▶ **Work instruction**: All lines with the word "Section" are to be found and copied from the listing.

▶ **Entries provided**:
Lemma is_dual_op_first_arg L v : is_op L -> is_dual (fun d => L d v).
Proof.
move=> L_op; split=> [a x y|]; first by rewrite L_op.2.1.
by exists (op_norm L * `|v|) => d; rewrite mulrAC; apply: ler_op_norm.
Qed.
End DualNorm.

Section SegmentTaylor.
Context {R : realType} {V : normedModType R}.

Lemma dist_seg (a e : V) (t : R) : 0 <= t -> `|a + t *: e - a| = t * `|e|.
Proof. by move=> t_ge0; rewrite addrAC subrr add0r normrZ ger0_norm. Qed.

Lemma frechet_is_derive_line (F : V -> V -> R) (DFx : V -> V -> R)
    (a e v : V) (t : R) :
  (forall w, is_dual (F w)) -> frechet_dual_at F (a + t *: e) DFx ->
  is_derive t 1 (fun s => F (a + s *: e) v) (DFx e v).
Proof.
move=> F_dual [DF_op DF_frechet]; apply: is_derive_eps_delta => eps eps_gt0.
set x := a + t *: e; pose k := `|e| * `|v| + 1.
have k_gt0 : 0 < k by rewrite ltr_wpDl // mulr_ge0.
have [del del_gt0 DF_del] := DF_frechet (eps / k) (divr_gt0 eps_gt0 k_gt0).
exists (del / (`|e| + 1)) => [|h]; first by rewrite divr_gt0 // ltr_wpDl.
rewrite ltr_pdivlMr ?ltr_wpDl // => h_small.
have /DF_del he_rem : `|h *: e| < del.
  by rewrite normrZ; apply: le_lt_trans h_small; rewrite ler_wpM2l // lerDl.
have rem_dual : is_dual (fun v => F (x + h *: e) v - F x v - DFx (h *: e) v).
  by apply: is_dualB; [apply: is_dualB | apply: DF_op.1].
have -> : F (a + (t + h) *: e) v - F x v - h * DFx e v
          = F (x + h *: e) v - F x v - DFx (h *: e) v.
  by rewrite is_opZ // /x scalerDl addrA.
apply: le_trans (ler_dual_norm _ v rem_dual) _.
apply: le_trans (ler_wpM2r (normr_ge0 v) he_rem) _.
have -> : eps / k * `|h *: e| * `|v| = eps * `|h| * (`|e| * `|v| / k).
  by rewrite normrZ; field; rewrite gt_eqF.
apply: ler_piMr; first by rewrite mulr_ge0 // ltW.
by rewrite ler_pdivrMr // mul1r lerDl.
Qed.

Lemma diff_is_derive_line (J : V -> R) (a e : V) (t : R) :
  differentiable J (a + t *: e) ->
  is_derive t 1 (fun s => J (a + s *: e)) ('d J (a + t *: e) e).
Proof.
set x := a + t *: e => J_diff.
have quot_eq :
    (fun h : R => h^-1 *: (((fun s => J (a + s *: e)) \o shift t) (h *: 1) - J x))
    = (fun h => h^-1 *: ((J \o shift x) (h *: e) - J x)).
  by apply: funext => h /=; rewrite /x [h *: 1]mulr1 scalerDl addrCA.
apply: DeriveDef; rewrite /derivable /derive quot_eq.
  exact: diff_derivable.
exact: deriveE.
Qed.

Lemma frechet_taylor_le (F : V -> V -> R) (DF : V -> V -> V -> R)
    (a e v : V) (K : R) :
  (forall w, is_dual (F w)) ->
  (forall t : R, 0 <= t <= 1 -> frechet_dual_at F (a + t *: e) (DF (a + t *: e))) ->
  (forall t : R, 0 <= t <= 1 ->
     op_norm (fun d v => DF (a + t *: e) d v - DF a d v) <= K * t) ->
  `|F (a + e) v - F a v - DF a e v| <= K * `|e| * `|v| / 2.
Proof.
move=> F_dual DF_frechet DF_lip.
have seg0 : a + 0 *: e = a by rewrite scale0r addr0.
have DF_op t : 0 <= t <= 1 -> is_op (DF (a + t *: e)) by case/DF_frechet.
have DFa_op : is_op (DF a) by rewrite -seg0; apply: DF_op; rewrite lexx ler01.
have := @taylor1_remainder_le _ (fun t => F (a + t *: e) v)
  (fun t => DF (a + t *: e) e v) (K * `|e| * `|v|).
rewrite /= scale1r seg0; apply=> t t01.
  exact: frechet_is_derive_line F_dual (DF_frechet t t01).
apply: le_trans (ler_op_norm _ e v (is_opB (DF_op t t01) DFa_op)) _.
by rewrite -(mulrAC _ t) -(mulrAC K t) !ler_wpM2r // DF_lip.
Qed.

Lemma diff_taylor_le (J : V -> R) (a e : V) (K : R) :
  (forall t : R, 0 <= t <= 1 -> differentiable J (a + t *: e)) ->
  (forall t : R, 0 <= t <= 1 ->
     dual_norm (fun v => 'd J (a + t *: e) v - 'd J a v) <= K * t) ->
  `|J (a + e) - J a - 'd J a e| <= K * `|e| / 2.
Proof.
move=> J_diff dJ_lip.
have seg0 : a + 0 *: e = a by rewrite scale0r addr0.
have dJa_dual : is_dual ('d J a).
  by apply: is_dual_diff; rewrite -seg0; apply: J_diff; rewrite lexx ler01.
have := @taylor1_remainder_le _ (fun t => J (a + t *: e))
  (fun t => 'd J (a + t *: e) e) (K * `|e|).
rewrite /= scale1r seg0; apply=> t t01.
  by apply: diff_is_derive_line; apply: J_diff.
have dJ_dual := is_dualB (is_dual_diff (J_diff t t01)) dJa_dual.
apply: le_trans (ler_dual_norm _ e dJ_dual) _.
by rewrite mulrAC ler_wpM2r // dJ_lip.
Qed.

Lemma seg_in_ball (c u : V) (rho t : R) :
  `|u - c| <= rho -> 0 <= t <= 1 -> `|c + t *: (u - c) - c| <= rho.
Proof.
by move=> u_ball /andP[t_ge0 t_le1]; rewrite dist_seg // (le_trans _ u_ball) ?ler_piMl.
Qed.

Lemma frechet_lipschitz_taylor_le {F : V -> V -> R} {DF : V -> V -> V -> R}
    {c u : V} {rho L : R} :
  (forall w, is_dual (F w)) ->
  (forall w, `|w - c| <= rho -> frechet_dual_at F w (DF w)) ->
  (forall w z, `|w - c| <= rho -> `|z - c| <= rho ->
     op_norm (fun d v => DF w d v - DF z d v) <= L * `|w - z|) ->
  `|u - c| <= rho ->
  forall v,
    `|F u v - F c v - DF c (u - c) v| <= L * `|u - c| * `|u - c| * `|v| / 2.
Proof.
move=> F_dual DF_frechet DF_lip u_ball v.
have c_ball : `|c - c| <= rho by rewrite subrr normr0 (le_trans _ u_ball).
have {1}-> : u = c + (u - c) by rewrite addrC subrK.
apply: frechet_taylor_le => // t t01; first exact/DF_frechet/seg_in_ball.
case/andP: (t01) => t_ge0 _.
by rewrite -mulrA [_ * t]mulrC -(dist_seg c) // DF_lip ?seg_in_ball.
Qed.

Lemma diff_lipschitz_taylor_le {J : V -> R} {c u : V} {rho M : R} :
  (forall w, `|w - c| <= rho -> differentiable J w) ->
  (forall w z, `|w - c| <= rho -> `|z - c| <= rho ->
     dual_norm (fun v => 'd J w v - 'd J z v) <= M * `|w - z|) ->
  `|u - c| <= rho ->
  `|J u - J c - 'd J c (u - c)| <= M * `|u - c| * `|u - c| / 2.
Proof.
move=> J_diff dJ_lip u_ball.
have c_ball : `|c - c| <= rho by rewrite subrr normr0 (le_trans _ u_ball).
have {1}-> : u = c + (u - c) by rewrite addrC subrK.
apply: diff_taylor_le => t t01; first exact/J_diff/seg_in_ball.
case/andP: (t01) => t_ge0 _.
by rewrite -mulrA [_ * t]mulrC -(dist_seg c) // dJ_lip ?seg_in_ball.
Qed.
End SegmentTaylor.

Lemma trivial_or_ge0_of_ball_bound {R : realType} {V : normedModType R}
    (c : V) (rho K : R) :
  0 < rho -> (forall w, `|w - c| <= rho -> 0 <= K * `|w - c|) ->
  (forall x : V, x = 0) \/ 0 <= K.
Proof.
move=> rho_gt0 K_bd; have [[x x_neq0]|V0] := pselect (exists x : V, x != 0); last first.
  by left=> x; apply: contra_notP V0 => x_neq0; exists x; apply/eqP.
right; have x_gt0 : 0 < `|x| by rewrite normr_gt0.
have w_dist : `|c + (rho / `|x|) *: x - c| = rho.
  by rewrite dist_seg ?divfK ?gt_eqF // divr_ge0 // ltW.
by have := K_bd (c + (rho / `|x|) *: x); rewrite w_dist lexx pmulr_lge0 //; apply.
Qed.

Lemma coercive_le {R : realFieldType} (alpha x b c q r : R) :
  0 < alpha -> 0 <= x -> 0 <= r + q ->
  alpha * x ^+ 2 <= b -> `|b + c| <= q * x -> `|c| <= r * x ->
  x <= (r + q) / alpha.
Proof.
move=> alpha_gt0 x_ge0 rq_ge0 coer res c_le.
rewrite ler_pdivlMr //; have [->|x_neq0] := eqVneq x 0; first by rewrite mul0r.
have x_gt0 : 0 < x by rewrite lt_def x_neq0.
rewrite -(ler_pM2r x_gt0); move: coer; rewrite expr2.
have Nc_le : - c <= r * x by apply: ler_normlW; rewrite normrN.
have := ler_normlW res; lra.
Qed.

Section RootOfLinearization.
Context {R : realType} {V : normedModType R}.
Context {F : V -> V -> R} {DF : V -> V -> V -> R} {c u : V} {rho L : R}.
Hypothesis F_dual : forall w, is_dual (F w).
Hypothesis DF_ball : forall w, `|w - c| <= rho -> frechet_dual_at F w (DF w).
Hypothesis DF_lip : forall w z, `|w - c| <= rho -> `|z - c| <= rho ->
  op_norm (fun d v => DF w d v - DF z d v) <= L * `|w - z|.
Hypothesis u_ball : `|u - c| <= rho.
Hypothesis Fu0 : forall v, F u v = 0.
Hypothesis L_ge0 : 0 <= L.

Lemma linearization_residual_le v :
  `|DF c (u - c) v + F c v| <= 2^-1 * L * rho ^+ 2 * `|v|.
Proof.
have := frechet_lipschitz_taylor_le F_dual DF_ball DF_lip u_ball v.
rewrite Fu0 sub0r -opprD normrN addrC => /le_trans; apply.
have e2_le : `|u - c| * `|u - c| <= rho ^+ 2 by rewrite expr2 ler_pM.
have := ler_wpM2r (normr_ge0 v) (ler_wpM2l L_ge0 e2_le); lra.
Qed.

Lemma coercive_root_dist_le {alpha r : R} :
  0 < alpha -> (forall v, alpha * `|v| ^+ 2 <= DF c v v) -> dual_norm (F c) <= r ->
  `|u - c| <= (r + 2^-1 * L * rho ^+ 2) / alpha.
Proof.
move=> alpha_gt0 coercive Fc_le.
have r_ge0 : 0 <= r := le_trans (dual_norm_ge0 _) Fc_le.
have q_ge0 : 0 <= 2^-1 * L * rho ^+ 2.
  by rewrite mulr_ge0 ?sqr_ge0 // mulr_ge0 // invr_ge0 ler0n.
apply: coercive_le alpha_gt0 (normr_ge0 _) (addr_ge0 r_ge0 q_ge0) (coercive _) _ _.
  exact: linearization_residual_le.
exact: le_trans (ler_dual_norm _ _ (F_dual c)) (ler_wpM2r (normr_ge0 _) Fc_le).
Qed.
End RootOfLinearization.

Theorem theorem8p3 (R : realType) (V : normedModType R)
  (U : set V) (F : V -> V -> R) (DF : V -> V -> V -> R) (J : V -> R)
  (ut u zh : V) (rho rr alpha Lrho MJ : R) :
  open U ->
  (forall w : V, is_dual (F w)) ->
  (forall w : V, U w -> frechet_dual_at F w (DF w)) ->
  U ut ->
  0 < rho ->
  [set w : V | `|w - ut| <= rho] `<=` U ->
  dual_norm (F ut) <= rr ->
  (forall d v : V, DF ut d v = DF ut v d) ->
  0 < alpha ->
  (forall v : V, alpha * `|v| ^+ 2 <= DF ut v v) ->
  (forall w z : V, `|w - ut| <= rho -> `|z - ut| <= rho ->
     op_norm (fun d v => DF w d v - DF z d v) <= Lrho * `|w - z|) ->
  `|u - ut| <= rho ->
  (forall v : V, F u v = 0) ->
  (forall w : V, U w -> differentiable J w) ->
  0 <= MJ ->
  (forall w z : V, `|w - ut| <= rho -> `|z - ut| <= rho ->
     dual_norm (fun v => 'd J w v - 'd J z v) <= MJ * `|w - z|) ->
  let G := fun v : V => 'd J ut v - DF ut v zh in
  let E := `|F ut zh| + 2^-1 * Lrho * rho ^+ 2 * `|zh|
           + (rr + 2^-1 * Lrho * rho ^+ 2) * alpha^-1 * dual_norm G
           + 2^-1 * MJ * rho ^+ 2 in
  J u \in `[J ut - E, J ut + E].
Proof.
move=> _ F_dual DF_frechet ut_U rho_gt0 ball_U Fut_le _ alpha_gt0 coercive DF_lip
  u_ball Fu0 J_diff MJ_ge0 dJ_lip.
cbv zeta; set G := fun v => _; rewrite in_itv /= -ler_distl.
have DFut_op : is_op (DF ut) by case: (DF_frechet _ ut_U).
have ut_ball : `|ut - ut| <= rho by rewrite subrr normr0 ltW.
(* On V = {0} the Lipschitz bound allows Lrho < 0, but then E is plainly >= 0. *)
have [V0|Lrho_ge0] : (forall x : V, x = 0) \/ 0 <= Lrho.
  apply: (trivial_or_ge0_of_ball_bound ut _ _ rho_gt0) => w w_ball.
  exact: le_trans (op_norm_ge0 _) (DF_lip _ _ w_ball ut_ball).
{ have [-> ->] : u = ut /\ zh = 0 by rewrite (V0 u) (V0 ut) (V0 zh).
  have -> : dual_norm G = 0.
    by apply: dual_norm_eq0 => v; rewrite /G (V0 v) linear0 is_op0 ?subr0.
  rewrite subrr normr0 normr0 !mulr0 !addr0 addr_ge0 //.
  by rewrite mulr_ge0 ?sqr_ge0 // mulr_ge0 // invr_ge0 ler0n. }
have DF_ball w : `|w - ut| <= rho -> frechet_dual_at F w (DF w).
  by move/ball_U/DF_frechet.
have J_ball w : `|w - ut| <= rho -> differentiable J w by move/ball_U/J_diff.
have J_taylor := diff_lipschitz_taylor_le J_ball dJ_lip u_ball.
have residual :=
  linearization_residual_le F_dual DF_ball DF_lip u_ball Fu0 Lrho_ge0 zh.
have e_le := coercive_root_dist_le F_dual DF_ball DF_lip u_ball Fu0 Lrho_ge0
  alpha_gt0 coercive Fut_le.
set e := u - ut.
have G_le : `|G e| <= (rr + 2^-1 * Lrho * rho ^+ 2) / alpha * dual_norm G.
  have G_dual : is_dual G.
    exact: is_dualB (is_dual_diff (J_diff _ ut_U)) (is_dual_op_first_arg _ zh DFut_op).
  rewrite mulrC; apply: le_trans (ler_dual_norm _ e G_dual) _.
  by rewrite ler_wpM2l ?dual_norm_ge0.
have e2_le : `|e| * `|e| <= rho ^+ 2 by rewrite expr2 ler_pM.
have -> : J u - J ut = (J u - J ut - 'd J ut e) + G e + DF ut e zh.
  by rewrite /G; ring.
have := ler_wpM2l MJ_ge0 e2_le.
have := ler_normD (J u - J ut - 'd J ut e + G e) (DF ut e zh).
have := ler_normD (J u - J ut - 'd J ut e) (G e).
have := ler_normB (DF ut e zh + F ut zh) (F ut zh); rewrite addrK.
lra.
Qed.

▶ **Answer to this exercise**:
Section SegmentTaylor.
Section RootOfLinearization.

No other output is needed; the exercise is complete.